The combination of both Y and X axis scaling is increasingly a good choice for bifurcated networks which split "core" networking from "app" networking. The core network usually provides a significantly capable load balancing service managed by the network team while the app network includes app proxies or virtual ADCs that are managed by operations or developers.
While this pattern can be implemented on monolithic applications, particularly monolithic web applications that rely on URI-based interactions, care must be taken with respect to state. That is, one cannot simply route to service B for "checkout" when it depends on session-level data that may be stored already in service A or C. Shared nothing application architectures do not lend themselves well to sharding strategies based on application function or content type. Rather, such applications should be scaled using a more traditional approach. Shared session application architectures, however, are very well suited to this type of scalability strategy because the application state is shared across instances, and all services will have access to the necessary data.
Z-axis scaling is a cross between X and Y scaling strategies, using a data sharding-based approach. This strategy is commonly used to shard databases, but can also be used to scale monolithic applications based on some user characteristic.

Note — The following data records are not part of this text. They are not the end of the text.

Lemma pair_count_le_drops s : 0 < s < 1 ->
  (pair_count x N s <= 2 * count_ge drop (1 - s) (seq 0 N))%nat.
Proof.
  intros Hs. unfold pair_count, count_ge.
  set (large := fun j => if Rle_dec (1 - s) (drop j) then true else false).
  set (pairs := fun j => [(occupant (cyc_succ N j), occupant j); (occupant j, occupant (cyc_succ N j))]).
  replace (2 * length (filter large (seq 0 N)))%nat
    with (length (flat_map pairs (filter large (seq 0 N))))
    by (rewrite (flat_map_constant_length (c := 2%nat)); [lia | reflexivity]).
  apply NoDup_incl_length.
  { apply NoDup_filter, NoDup_list_prod; apply seq_NoDup. }
  assert (Hwitness : forall l l', (l < N)%nat -> (l' < N)%nat ->
            c l = cyc_succ N (c l') -> 1 - s <= f l' - f l ->
            In (c l') (filter large (seq 0 N)) /\ In (l, l') (pairs (c l')) /\
            In (l', l) (pairs (c l'))).
  { intros l l' Hl Hl' Ec Hdrop. unfold pairs. rewrite <- Ec, !occupant_cell by assumption.
    split; [|simpl; auto].
    apply filter_In. split; [apply in_seq; pose proof (cell_lt l' Hl'); lia|].
    unfold large, drop. rewrite <- Ec, !occupant_cell by assumption.
    destruct (Rle_dec _ _); [reflexivity | lra]. }
  intros [l l'] Hin. apply filter_In in Hin as [Hin Hclose].
  apply in_prod_iff in Hin as [Hl Hl']. apply in_seq in Hl, Hl'. cbn [fst snd] in Hclose.
  destruct (Nat.eqb_spec l l') as [|Hne]; [discriminate|].
  destruct (Rle_dec _ _) as [Hd|]; [|discriminate].
  apply in_flat_map.
  destruct (close_points_adjacent l l' s ltac:(lia) ltac:(lia) Hne Hs Hd)
    as [[Ec Hdrop] | [Ec Hdrop]].
  - destruct (Hwitness l l' ltac:(lia) ltac:(lia) Ec Hdrop) as [Hj [Hpair _]].
    exists (c l'). split; assumption.
  - destruct (Hwitness l' l ltac:(lia) ltac:(lia) Ec Hdrop) as [Hj [_ Hpair]].
    exists (c l). split; assumption.
Qed.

Z-axis scaling is like X-axis scaling in that it relies on cloning of application instances. The difference is that some other component - like an app proxy or ADC - is responsible for distributing requests based on some other information, like the data being requested or the user identity. As long as the data is accessible to the app proxy or the ADC (increasingly iintermediaries have the ability to reach out and query databases or directories to obtain additional information)
When using Z-axis scaling each server runs an identical copy of the code. In this respect, it’s similar to X-axis scaling. The big difference is that each server is responsible for only a subset of the data. Some component of the system is responsible for routing each request to the appropriate server. One commonly used routing criteria is an attribute of the request such as the primary key of the entity being accessed. Another common routing criteria is the customer type. For example, an application might provide paying customers with a higher SLA than free customers by routing their requests to a different set of servers with more capacity.
This pattern is also useful for premium access policies, where certain users or customers are afforded higher performance guarantees.These instances may be further augmented with additional services or scaled out faster to improve performance. Only certain customers are allowed to access these "gold" instances, and such determinations might be made based on API key, cookie value, or membership in a specific group as determined by a database or directory lookup.
The point is that the scaling strategies associated with application architecture can be duplicated and/or augmented by the use of a app proxy or ADC. It is almost always the case that such an intermediary will be necessary to scale an application. That's because reality is that it's just as bad to let network logic (routing) seep into business logic as it is business logic to seep into the presentation (GUI) layer.
Keep your logics separate, and use the tools available to act on the scaling strategy best suited for your application or service.